Ogni aspetto, ogni interazione, ogni caratteristica, determinerà per gli abitanti un livello di “qualità del sangue”. In soldoni, i preziosi punti esperienza che conquisteremo prosciugandoli con un morso alla carotide. Potremo dunque scegliere chi uccidere, cercando di diventare dei giustizieri di un bene silenzioso e letale, o magari divenire un’ecatombe, facendo strage di chiunque ci capiti a tiro. La scelta sarà data a noi, premesso che la morte di un personaggio non solo significherà la sua scomparsa dalla partita, ma un cambiamento sostanzioso nelle dinamiche dell’ecosistema in cui questi vive. Uccidere tutti i personaggi, ad esempio, significherà lasciare la città in mano alle creature della notte, obbligandoci ad una run di soli combattimenti. Salvare quelli che riterremo i più giusti potrebbe, al contrario, migliorare le condizioni di Londra e la conseguente fine del morbo. Il bello è che non sempre le cose saranno così chiare, ed anzi scopriremo che tutti i personaggi di Vampyr hanno delle ombre, delle scale di grigio, degli scheletri dell’armadio che, tali da rendere la loro morte qualcosa di più complesso che una semplice scelta tra bene e male.
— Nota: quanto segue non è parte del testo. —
(* For $w\in(0,\infty)$ let $$Q_{0,w}(x)=s_*\frac{w}{3+w}\frac{1}{r^3}\Big(e_r\otimes e_r-\tfrac13I\Big)+s_*\Big(1-\frac{w}{1+w}\frac1r\Big)\Big(e_z\otimes e_z-\tfrac13I\Big),\quad r=|x|>1,$$ and let $U_w=\{x\in\Omega\setminus\mathbb Re_z: Q_{0,w}(x)\text{ is uniaxial}\}$, where $\Omega=\{|x|>1\}$. If $w>\sqrt3$, then $$U_w=\{(x_1,x_2,0):x_1^2+x_2^2=r_w^2\},$$ where $r_w$ is the unique solution $r>1$ of $r^3-\frac{w}{1+w}r^2-\frac{w}{3+w}=0$. The function $w\mapsto r_w$ is increasing on $(\sqrt3,\infty)$, with $r_w\to1$ as $w\downarrow\sqrt3$ and $r_w\to r_\infty$ as $w\to\infty$, where $r_\infty>1$ is the root of $r^3-r^2-1=0$ ($r_\infty\approx1.47$). If $w\le\sqrt3$, then $U_w=\emptyset$.
   Context: $s_*>0$ is a fixed constant, $e_r=x/|x|$, $e_z=(0,0,1)$. A matrix $Q\in\mathcal S_0$ (real symmetric traceless $3\times 3$) is uniaxial if it has two equal eigenvalues. *)

From Stdlib Require Import Reals Lra.
Open Scope R_scope.

(* 3x3 real matrices, indices 0,1,2 *)
Definition Mat3 := nat -> nat -> R.

Definition kron (i j : nat) : R := if Nat.eqb i j then 1 else 0.

Definition det3 (A : Mat3) : R :=
  A 0%nat 0%nat * (A 1%nat 1%nat * A 2%nat 2%nat - A 1%nat 2%nat * A 2%nat 1%nat)
  - A 0%nat 1%nat * (A 1%nat 0%nat * A 2%nat 2%nat - A 1%nat 2%nat * A 2%nat 0%nat)
  + A 0%nat 2%nat * (A 1%nat 0%nat * A 2%nat 1%nat - A 1%nat 1%nat * A 2%nat 0%nat).

Definition charpoly3 (A : Mat3) (t : R) : R :=
  det3 (fun i j => t * kron i j - A i j).

(* uniaxial: two equal eigenvalues (counted with multiplicity), i.e. the
   characteristic polynomial has a repeated root *)
Definition uniaxial (A : Mat3) : Prop :=
  exists a b : R, forall t : R, charpoly3 A t = (t - a) ^ 2 * (t - b).

Definition vec3 (x1 x2 x3 : R) (i : nat) : R :=
  match i with 0%nat => x1 | 1%nat => x2 | _ => x3 end.

Definition ez (i : nat) : R := vec3 0 0 1 i.

Definition norm3 (x1 x2 x3 : R) : R := sqrt (x1 ^ 2 + x2 ^ 2 + x3 ^ 2).

Definition Q0 (s w x1 x2 x3 : R) : Mat3 :=
  let r := norm3 x1 x2 x3 in
  fun i j =>
    s * (w / (3 + w)) * (1 / r ^ 3)
      * ((vec3 x1 x2 x3 i / r) * (vec3 x1 x2 x3 j / r) - kron i j / 3)
    + s * (1 - (w / (1 + w)) * (1 / r)) * (ez i * ez j - kron i j / 3).

Definition U (s w x1 x2 x3 : R) : Prop :=
  1 < norm3 x1 x2 x3 /\ ~ (x1 = 0 /\ x2 = 0) /\ uniaxial (Q0 s w x1 x2 x3).

Definition cubic_w (w r : R) : R := r ^ 3 - (w / (1 + w)) * r ^ 2 - w / (3 + w).

(* After scaling x to the unit vector u = x/|x|, Q_{0,w}(x) has the form
   a (u u^T - I/3) + b (e_z e_z^T - I/3) with a, b > 0.  Shifting by (a+b)/3,
   its characteristic polynomial is t (t^2 - (a+b) t + a b (u1^2 + u2^2)), so
   off the axis a repeated eigenvalue forces discriminant zero, i.e.
   (a - b)^2 + 4ab u3^2 = 0: u3 = 0 and a = b, and a = b is equivalent to
   cubic_w w |x| = 0.  On [1, oo) the cubic r^3 - p r^2 - q (p <= 1) has
   slope at least 1; its value at 1 is (3 - w^2)/((1+w)(3+w)), which gives
   the threshold sqrt 3, a unique root r_w in (1, 2), its monotonicity in w
   (the cubic decreases in w) and both limits, by comparing values of the
   cubic with those at r = 1 and with r^3 - r^2 - 1. *)

From Stdlib Require Import Reals Lra Psatz ClassicalEpsilon FunctionalExtensionality.
Open Scope R_scope.

Definition cubic (p q r : R) : R := r ^ 3 - p * r ^ 2 - q.

Lemma cubic_wE w r : cubic_w w r = cubic (w / (1 + w)) (w / (3 + w)) r.
Proof. reflexivity. Qed.

Lemma cubic_sub_ge p q r1 r2 :
  p <= 1 -> 1 <= r1 -> r1 <= r2 -> r2 - r1 <= cubic p q r2 - cubic p q r1.
Proof.
  intros Hp H1 H12.
  assert (slope : 1 <= r1 ^ 2 + r1 * r2 + r2 ^ 2 - p * (r1 + r2)) by nra.
  replace (cubic p q r2 - cubic p q r1)
    with ((r2 - r1) * (r1 ^ 2 + r1 * r2 + r2 ^ 2 - p * (r1 + r2)))
    by (unfold cubic; ring).
  nra.
Qed.

Lemma cubic_lt p q r1 r2 :
  p <= 1 -> 1 <= r1 -> r1 < r2 -> cubic p q r1 < cubic p q r2.
Proof. intros Hp H1 H12. pose proof (cubic_sub_ge p q r1 r2 Hp H1). lra. Qed.

Lemma cubic_dist_le p q r1 r2 :
  p <= 1 -> 1 <= r1 -> 1 <= r2 -> Rabs (r1 - r2) <= Rabs (cubic p q r1 - cubic p q r2).
Proof.
  intros Hp H1 H2. destruct (Rle_dec r1 r2) as [h|h].
  - pose proof (cubic_sub_ge p q r1 r2 Hp H1 h).
    rewrite (Rabs_left1 (r1 - r2)), Rabs_left1; lra.
  - pose proof (cubic_sub_ge p q r2 r1 Hp H2 ltac:(lra)).
    rewrite (Rabs_right (r1 - r2)), Rabs_right; lra.
Qed.

Lemma cubic_root_unique p q r1 r2 :
  p <= 1 -> 1 <= r1 -> 1 <= r2 -> cubic p q r1 = 0 -> cubic p q r2 = 0 -> r1 = r2.
Proof.
  intros Hp H1 H2 C1 C2. destruct (Rtotal_order r1 r2) as [h|[h|h]]; [|exact h|].
  - pose proof (cubic_lt p q r1 r2 Hp H1 h). lra.
  - pose proof (cubic_lt p q r2 r1 Hp H2 h). lra.
Qed.

Lemma cubic_root_between p q :
  cubic p q 1 < 0 -> 0 < cubic p q 2 -> exists r, 1 < r < 2 /\ cubic p q r = 0.
Proof.
  intros H1 H2.
  destruct (IVT (cubic p q) 1 2) as [r [[Hr1 Hr2] Hr]]; try lra.
  { intro x. unfold cubic. reg. }
  exists r. split; [|exact Hr].
  split; apply Rnot_le_lt; intro; [replace r with 1 in Hr | replace r with 2 in Hr]; lra.
Qed.

Lemma div_add_pos_lt1 c w : 0 < c -> 0 < w -> 0 < w / (c + w) < 1.
Proof.
  intros Hc Hw. split.
  - apply Rdiv_lt_0_compat; lra.
  - apply (Rmult_lt_reg_r (c + w)); [lra|]. field_simplify; lra.
Qed.

Lemma div_add_increasing c w1 w2 :
  0 < c -> 0 < w1 -> w1 < w2 -> w1 / (c + w1) < w2 / (c + w2).
Proof.
  intros Hc H1 H12.
  apply (Rmult_lt_reg_r ((c + w1) * (c + w2))); [apply Rmult_lt_0_compat; lra|].
  replace (w1 / (c + w1) * ((c + w1) * (c + w2))) with (w1 * (c + w2)) by (field; lra).
  replace (w2 / (c + w2) * ((c + w1) * (c + w2))) with (w2 * (c + w1)) by (field; lra).
  nra.
Qed.

Lemma cubic_w_lt w r1 r2 : 0 < w -> 1 <= r1 -> r1 < r2 -> cubic_w w r1 < cubic_w w r2.
Proof.
  intros Hw. rewrite !cubic_wE. apply cubic_lt.
  pose proof (div_add_pos_lt1 1 w). lra.
Qed.

Lemma cubic_w_root_unique w r1 r2 :
  0 < w -> 1 <= r1 -> 1 <= r2 -> cubic_w w r1 = 0 -> cubic_w w r2 = 0 -> r1 = r2.
Proof.
  intros Hw. rewrite !cubic_wE. apply cubic_root_unique.
  pose proof (div_add_pos_lt1 1 w). lra.
Qed.

Lemma cubic_w_decreasing_in_w w1 w2 r :
  0 < w1 -> w1 < w2 -> 0 < r -> cubic_w w2 r < cubic_w w1 r.
Proof.
  intros H1 H12 Hr. unfold cubic_w.
  pose proof (div_add_increasing 1 w1 w2 ltac:(lra) H1 H12).
  pose proof (div_add_increasing 3 w1 w2 ltac:(lra) H1 H12).
  nra.
Qed.

Lemma cubic_w_1 w : 0 < w -> cubic_w w 1 = (3 - w ^ 2) / ((1 + w) * (3 + w)).
Proof. intro Hw. unfold cubic_w. field. lra. Qed.

Lemma sqrt3_bounds : 0 < sqrt 3 < 2 /\ sqrt 3 * sqrt 3 = 3.
Proof.
  pose proof (sqrt_sqrt 3 ltac:(lra)). pose proof (sqrt_lt_R0 3 ltac:(lra)). nra.
Qed.

Lemma cubic_w_1_neg w : sqrt 3 < w -> cubic_w w 1 < 0.
Proof.
  intro Hw. pose proof sqrt3_bounds. rewrite cubic_w_1 by lra.
  apply Rdiv_neg_pos; nra.
Qed.

Lemma cubic_w_pos w r : 0 < w -> w <= sqrt 3 -> 1 < r -> 0 < cubic_w w r.
Proof.
  intros Hw Hle Hr. pose proof sqrt3_bounds.
  assert (0 <= cubic_w w 1).
  { rewrite cubic_w_1 by lra. apply Rle_mult_inv_pos; [nra | apply Rmult_lt_0_compat; lra]. }
  pose proof (cubic_w_lt w 1 r Hw ltac:(lra) Hr). lra.
Qed.

(* For w <= sqrt 3 there is no such root and [r_w w] is an unspecified real. *)
Definition r_w (w : R) : R := epsilon (inhabits 0) (fun r => 1 < r /\ cubic_w w r = 0).

Lemma r_w_spec w : sqrt 3 < w -> 1 < r_w w < 2 /\ cubic_w w (r_w w) = 0.
Proof.
  intro Hw. pose proof sqrt3_bounds. assert (Hw0 : 0 < w) by lra.
  assert (H2 : 0 < cubic_w w 2).
  { pose proof (div_add_pos_lt1 1 w). pose proof (div_add_pos_lt1 3 w).
    unfold cubic_w. lra. }
  rewrite cubic_wE in H2.
  destruct (cubic_root_between _ _ (cubic_w_1_neg w Hw) H2) as [r [Hr Hroot]].
  rewrite <- cubic_wE in Hroot.
  destruct (epsilon_spec (inhabits 0) (fun r => 1 < r /\ cubic_w w r = 0)
              (ex_intro _ r (conj (proj1 Hr) Hroot))) as [H1 Hrw].
  fold (r_w w) in H1, Hrw.
  rewrite (cubic_w_root_unique w (r_w w) r) by lra. lra.
Qed.

Definition axisym (a b u1 u2 u3 : R) : Mat3 := fun i j =>
  a * (vec3 u1 u2 u3 i * vec3 u1 u2 u3 j - kron i j / 3) + b * (ez i * ez j - kron i j / 3).
(* The sublevel set {k | |k - x| <= |k0 - x|} lies in a compact box; as
   [rV_compact] only covers row vectors, we minimize over transposes. *)
Lemma closed_nearest_point K x k0 : closed K -> K k0 ->
  exists2 p, K p & forall k, K k -> dot (p - x) (p - x) <= dot (k - x) (k - x).
Proof.
move=> clK Kk0; set d := dot (k0 - x) (k0 - x).
pose f (v : 'rV[R]_n) := dot (v^T - x) (v^T - x).
pose B := trmx @^-1` K `&` f @^-1` [set r | r <= d].
have cf : continuous f.
  move=> v; apply: (@continuous_comp _ _ _ trmx (fun y => dot (y - x) (y - x))).
    exact: trmx_continuous.
  exact: continuous_sqdist.
have clB : closed B.
  by apply: closedI; apply: (continuous_closedP _).1 => //; exact: trmx_continuous.
pose I i := `[x i 0 - (1 + d), x i 0 + (1 + d)]%classic.
have box : compact [set v : 'rV[R]_n | forall i, I i (v ord0 i)].
  by apply: rV_compact => i; exact: segment_compact.
have cB : compact B.
  apply: subclosed_compact clB box _ => v [_ fv] i /=.
  have := le_trans (sqr_coord_le_dot (v^T - x) i) fv.
  rewrite !mxE /I /= in_itv /= => sq_le.
  have := sqr_ge0 (v ord0 i - x i 0 - 1); have := sqr_ge0 (v ord0 i - x i 0 + 1).
  by move=> ? ?; apply/andP; split; nra.
have [|v /set_mem [Kv fv] vmin] := compact_EVT_min _ cB (continuous_subspaceT cf).
  by exists k0^T; split; rewrite /= ?/f trmxK.
exists v^T => // k Kk; have [kd | /ltW dk] := leP (dot (k - x) (k - x)) d.
  by have := vmin k^T; rewrite /f trmxK; apply; apply: mem_set; split; rewrite /= ?/f trmxK.
exact: le_trans fv dk.
Qed.

Lemma quadratic_ge0_linear_ge0 (u v : R) : 0 <= v ->
  (forall t, 0 < t -> t <= 1 -> 0 <= 2 * t * u + t ^+ 2 * v) -> 0 <= u.
Proof.
move=> v0 H; rewrite leNgt; apply/negP => u0.
have vu : 0 < v - u by lra.
set t := - u / (v - u).
have t0 : 0 < t by rewrite divr_gt0 // oppr_gt0.
have t1 : t <= 1 by rewrite ler_pdivrMr // mul1r; lra.
have ht : t * (v - u) = - u by rewrite mulfVK // gt_eqF.
have := H _ t0 t1; nra.
Qed.

Lemma nearest_point_obtuse K x p : convexS K -> K p ->
  (forall k, K k -> dot (p - x) (p - x) <= dot (k - x) (k - x)) ->
  forall k, K k -> 0 <= dot (p - x) (k - p).
Proof.
move=> cK Kp pmin k Kk.
apply: (quadratic_ge0_linear_ge0 (dot_self_ge0 (k - p))) => t t0 t1.
have Kt : K (t *: k + (1 - t) *: p) by apply: cK => //; exact: ltW.
have := pmin _ Kt.
have -> : t *: k + (1 - t) *: p - x = (p - x) + t *: (k - p).
  by apply/matrixP => i j; rewrite !mxE; ring.
rewrite dot_expand; lra.
Qed.
(* Let $k\ge2$, $K\ge1$ be integers, let $R\ge k$ be an integer and $L$ a positive integer divisible by $R^{K-1}$. For $A$ dividing $L$ let $f_A=(\mathsf{1}^A\mathsf{2}^A\cdots\mathsf{k}^A)^{L/A}\in[k]^{kL}$, and for a word $w$ over $[K]$ let $\hat w$ be the word over $[k]$ obtained by replacing each symbol $l\in[K]$ of $w$ by $f_{R^{l-1}}$. Let $w_1,w_2$ be words over $[K]$ and let $s=(w_1',w_2')$ be any common subsequence between $\hat w_1$ and $\hat w_2$. Then \[\operatorname{span} s\ \ge\ \left(k+1-\frac kR-\frac{8R^{K-1}}{L}\right)\operatorname{len} s-2Lk(k+1)\cdot\mathrm{LCS}(w_1,w_2)-16R^{K-1}.\]
   Context: $\alpha^A$ denotes letter $\alpha$ repeated $A$ times, and $u^m$ denotes $m$ concatenated copies of the word $u$. Symbols are distinguishable positions. A common subsequence of words $u_1,u_2$ is a pair $(u_1',u_2')$ of subsequences of $u_1,u_2$ that are equal as words; $\operatorname{len}$ is their common length; $\mathrm{LCS}(u_1,u_2)$ is the maximum length of a common subsequence. The span of a subsequence $u'$ in $u$ is the length of the shortest block of consecutive symbols of $u$ containing $u'$, and $\operatorname{span}(u_1',u_2')=\operatorname{span}_{u_1}u_1'+\operatorname{span}_{u_2}u_2'$. *)

From mathcomp Require Import all_boot all_order all_algebra.
Set Implicit Arguments. Unset Strict Implicit. Unset Printing Implicit Defensive.

Definition word_over (n : nat) (w : seq nat) : bool :=
  all (fun a => (1 <= a <= n)%N) w.

Definition fblock (k L A : nat) : seq nat :=
  flatten (nseq (L %/ A) (flatten [seq nseq A i | i <- iota 1 k])).

Definition hat (k L R : nat) (w : seq nat) : seq nat :=
  flatten [seq fblock k L (R ^ l.-1) | l <- w].

(* A subsequence of u is given by a selection mask b (size b = size u);
   symbols are distinguishable positions. *)
Definition positions (b : bitseq) : seq nat :=
  [seq i <- iota 0 (size b) | nth false b i].

(* span of the subsequence selected by b: length of the shortest block of
   consecutive symbols containing it (0 for the empty subsequence). *)
Definition span_mask (b : bitseq) : nat :=
  if positions b is i :: _ then (last i (positions b) - i).+1 else 0.

Definition common_subseq (u1 u2 : seq nat) (b1 b2 : bitseq) : Prop :=
  size b1 = size u1 /\ size b2 = size u2 /\ mask b1 u1 = mask b2 u2.

Definition cs_len (u1 : seq nat) (b1 : bitseq) : nat := size (mask b1 u1).

Definition cs_span (b1 b2 : bitseq) : nat := span_mask b1 + span_mask b2.

Definition LCS (u1 u2 : seq nat) : nat :=
  \max_(b : (size u1).-tuple bool | subseq (mask b u1) u2) size (mask b u1).

From mathcomp Require Import all_boot all_order all_algebra zify lra.
Import Order.TTheory GRing.Theory Num.Theory.
Set Implicit Arguments. Unset Strict Implicit. Unset Printing Implicit Defensive.

(* A common subsequence of [hat w1] and [hat w2] is a chain of matched position
   pairs x = (p, q), strictly increasing in both coordinates.  Every position lies
   in a copy of some f_A, with scale A = R^(l-1) read off the letter l of w.  The
   potential R (p + q) - c(x) + 3 R^(K-1) R (block of p + block of q), where c(x)
   compensates for the phases of p and q inside their runs, grows by at least
   R (k + 1) - k from one matched pair to the next, except when the two scales
   are equal, where only 2 R - k is guaranteed.  Pairs of equal scale come from
   equal letters of w1 and w2, and a Dilworth-type extraction turns them into a
   common subsequence of w1 and w2, so there are at most 2 k L LCS(w1, w2) of them.
   The block term is paid for by the span itself, and solving the resulting
   linear inequalities gives the bound. *)

Lemma nth_flatten_uniform (T : Type) (x0 : T) N (ss : seq (seq T)) i :
  0 < N -> all (fun s => size s == N) ss -> i < N * size ss ->
  nth x0 (flatten ss) i = nth x0 (nth [::] ss (i %/ N)) (i %% N).
Proof.
move=> N_gt0; elim: ss i => [|s ss IHss] i /=; first by rewrite muln0.
case/andP=> /eqP size_s size_ss lt_i; rewrite nth_cat size_s.
have [lt_iN | le_Ni] := ltnP i N; first by rewrite divn_small // modn_small.
have -> : i = 1 * N + (i - N) by rewrite mul1n subnKC.
rewrite divnMDl // modnMDl add1n /= mul1n addKn IHss //.
by move: lt_i; rewrite mulnS; lia.
Qed.

Lemma size_flatten_nseq_blocks k A : size (flatten [seq nseq A i | i <- iota 1 k]) = k * A.
Proof.
rewrite size_flatten /shape -map_comp.
by elim: k 1 => [|k IHk] m //=; rewrite size_nseq IHk mulSn.
Qed.

Lemma size_fblock k L A : 0 < A -> A %| L -> size (fblock k L A) = k * L.
Proof.
move=> A_gt0 AL; rewrite /fblock size_flatten /shape map_nseq sumn_nseq.
by rewrite size_flatten_nseq_blocks -mulnA [A * _]mulnC divnK.
Qed.

Lemma nth_fblock k L A o : 0 < A -> A %| L -> o < k * L ->
  nth 0 (fblock k L A) o = o %/ A %% k + 1.
Proof.
move=> A_gt0 AL lt_o.
have k_gt0 : 0 < k by case: k lt_o.
have kA_gt0 : 0 < k * A by rewrite muln_gt0 k_gt0.
rewrite /fblock (@nth_flatten_uniform _ _ (k * A)) //; last first.
- by rewrite size_nseq -mulnA [A * _]mulnC divnK.
- by apply/allP=> s /nseqP [-> _]; rewrite size_flatten_nseq_blocks.
rewrite nth_nseq.
have -> : o %/ (k * A) < L %/ A by rewrite ltn_divLR // mulnCA divnK.
rewrite (@nth_flatten_uniform _ _ A) //; last first.
- by rewrite size_map size_iota [A * k]mulnC ltn_pmod.
- by apply/allP=> s /mapP [i _ ->]; rewrite size_nseq.
rewrite (nth_map 0) ?size_iota ?ltn_divLR ?ltn_pmod // nth_nseq ltn_pmod //.
by rewrite nth_iota ?ltn_divLR ?ltn_pmod // modn_divl addnC.
Qed.

Lemma mul_leq_exp_ltn R a b : 1 < R -> R ^ a < R ^ b -> R * R ^ a <= R ^ b.
Proof. by move=> R_gt1; rewrite ltn_exp2l // => lt_ab; rewrite -expnS leq_pexp2l // ltnW. Qed.

Lemma leq_exp_neq R a b M : 1 < R -> R ^ a != R ^ b -> R ^ a <= M -> R ^ b <= M -> R <= M.
Proof.
move=> R_gt1; rewrite eqn_exp2l // => neq_ab le_aM le_bM.
have R_le_exp c : 0 < c -> R <= R ^ c.
  by move=> c_gt0; rewrite -{1}(expn1 R) leq_pexp2l // ltnW.
have [lt_ab | lt_ba | eq_ab] := ltngtP a b; last by rewrite eq_ab eqxx in neq_ab.
- by apply: leq_trans le_bM; apply: R_le_exp; apply: leq_ltn_trans lt_ab.
- by apply: leq_trans le_aM; apply: R_le_exp; apply: leq_ltn_trans lt_ba.
Qed.

Section HatStructure.

Variables (k K R L : nat).
Hypotheses (k_gt0 : 0 < k) (R_gt0 : 0 < R) (L_gt0 : 0 < L) (RK_dvd_L : R ^ K.-1 %| L).

Definition block (p : nat) : nat := p %/ (k * L).

Definition scale (w : seq nat) (p : nat) : nat := R ^ (nth 0 w (block p)).-1.

Lemma kL_gt0 : 0 < k * L. Proof. by rewrite muln_gt0 k_gt0. Qed.

Lemma exp_letter_dvd l : l <= K -> R ^ l.-1 %| L.
Proof. by move=> le_lK; apply: dvdn_trans RK_dvd_L; apply: dvdn_exp2l; lia. Qed.

Lemma size_hat w : word_over K w -> size (hat k L R w) = k * L * size w.
Proof.
move=> /allP w_over; rewrite /hat size_flatten /shape -map_comp.
have /eq_in_map -> : {in w, size \o (fun l => fblock k L (R ^ l.-1)) =1 fun=> k * L}.
  by move=> l /w_over /andP [_ le_lK]; rewrite /= size_fblock ?expn_gt0 ?R_gt0 // exp_letter_dvd.
by elim: (w) => [|_ s IHs] /=; rewrite ?muln0 // IHs mulnS addnC.
Qed.

Variables (w : seq nat) (p : nat).
Hypotheses (w_over : word_over K w) (p_lt : p < size (hat k L R w)).

Lemma block_lt_size : block p < size w.
Proof. by move: p_lt; rewrite size_hat // /block ltn_divLR ?kL_gt0 // mulnC. Qed.

Lemma letter_bounds : 1 <= nth 0 w (block p) <= K.
Proof. exact: (allP w_over) (mem_nth 0 block_lt_size). Qed.

Lemma scale_gt0 : 0 < scale w p.
Proof. by rewrite /scale expn_gt0 R_gt0. Qed.

Lemma scale_le : scale w p <= R ^ K.-1.
Proof. by rewrite leq_pexp2l //; case/andP: letter_bounds; lia. Qed.

Lemma nth_hat : nth 0 (hat k L R w) p = p %/ scale w p %% k + 1.
Proof.
have [_ le_lK] := andP letter_bounds.
have A_dvd : scale w p %| L by apply: exp_letter_dvd.
move: p_lt; rewrite size_hat // => lt_p.
rewrite /hat (@nth_flatten_uniform _ _ (k * L)) ?kL_gt0 ?size_map //; last first.
  apply/allP=> s /mapP [l /(allP w_over) /andP [_ le_l] ->].
  by rewrite size_fblock ?expn_gt0 ?R_gt0 ?exp_letter_dvd.
rewrite (nth_map 0) ?block_lt_size // nth_fblock ?ltn_pmod ?kL_gt0 ?scale_gt0 //.
rewrite -/(block p) -/(scale w p) !modn_divl; congr (_ %/ _ + 1).
by rewrite modn_dvdm // dvdn_pmul2l.
Qed.

End HatStructure.

Lemma positionsE b : positions b = mask b (iota 0 (size b)).
Proof. by rewrite /positions filter_mask; congr mask; have := mkseq_nth false b; rewrite /mkseq. Qed.

Lemma mask_positions (u : seq nat) b : size b = size u ->
  mask b u = map (nth 0 u) (positions b).
Proof. by move=> size_b; rewrite positionsE map_mask size_b; have := mkseq_nth 0 u; rewrite /mkseq => ->. Qed.

Lemma sorted_positions b : sorted ltn (positions b).
Proof. by rewrite positionsE (subseq_sorted ltn_trans (mask_subseq _ _)) ?iota_ltn_sorted. Qed.

Lemma positions_lt b : all (fun i => i < size b) (positions b).
Proof. by apply/allP => i; rewrite positionsE => /mem_mask; rewrite mem_iota. Qed.

Lemma subseq_map_nth (w : seq nat) (I : seq nat) :
  sorted ltn I -> all (fun i => i < size w) I -> subseq (map (nth 0 w) I) w.
Proof.
move=> sorted_I I_lt.
have -> : I = [seq i <- iota 0 (size w) | i \in I].
  apply: (irr_sorted_eq ltn_trans ltnn sorted_I).
    by rewrite sorted_filter ?iota_ltn_sorted //; exact: ltn_trans.
  move=> i; rewrite mem_filter mem_iota /=.
  by case I_i: (i \in I) => //=; have := allP I_lt i I_i.
rewrite filter_mask map_mask; have := mkseq_nth 0 w; rewrite /mkseq => ->.
exact: mask_subseq.
Qed.

Lemma leq_size_LCS (w1 w2 s : seq nat) : subseq s w1 -> subseq s w2 -> size s <= LCS w1 w2.
Proof.
move=> /subseqP [m size_m ->] sub2.
have size_m' : size m == size w1 by apply/eqP.
exact: (@leq_bigmax_cond _ (fun b : (size w1).-tuple bool => subseq (mask b w1) w2)
          (fun b => size (mask b w1)) (Tuple size_m')).
Qed.

Lemma count_sorted_window N i (P : seq nat) : 0 < N -> sorted ltn P ->
  count (fun p => p %/ N == i) P <= N.
Proof.
move=> N_gt0 sorted_P; rewrite -size_filter -{2}(size_iota (i * N) N).
apply: uniq_leq_size; first by rewrite filter_uniq ?(sorted_uniq ltn_trans ltnn).
move=> p; rewrite mem_filter mem_iota => /andP [/eqP p_div _].
by have := divn_eq p N; have := ltn_pmod p N_gt0; rewrite p_div; lia.
Qed.

Definition le2 (x y : nat * nat) := (x.1 <= y.1) && (x.2 <= y.2).
Definition lt2 (x y : nat * nat) := (x.1 < y.1) && (x.2 < y.2).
Con chiunque parliate, chiunque uccidiate, chiunque lasciate in vita. Vampyr si prospetta come un palcoscenico digitale dalla precisione invidiabile, in cui tutti gli ingranaggi, noi compresi, sono parte di un macchinario complesso e preciso. Al di là dei combattimenti e di certi limiti tecnici che, comunque, speriamo siano superati in questi ultimi mesi prima della release, a colpirci di Vampyr è questo: il suo essere un’opera digitale di rara complessità e bellezza, che sceglie di non rarefare le scelte del giocatore ma anzi, di lasciare che esse si possano evolvere, sublimare, rimescolare, fallire. Scegliendo di negare ogni forma di manicheismo tra bene e male, Vampyr si gondola dei suoi chiaroscuri, portando il giocatore ad esplorare le tonalità più disparate dell’animo umano, dividendoci costantemente tra le esigenze di sopravvivenza del nostro animo vampirico, e quelle più squisitamente umane, date dal nostro essere ancora un medico. I mostri, come sempre, si nascondono nel folclore ma albergano e si nutrono dei più impalpabili aspetti dell’animo umano.
Perché i vampiri non forse non esistono, ma i mostri sì. I mostri siamo noi. Esseri umani.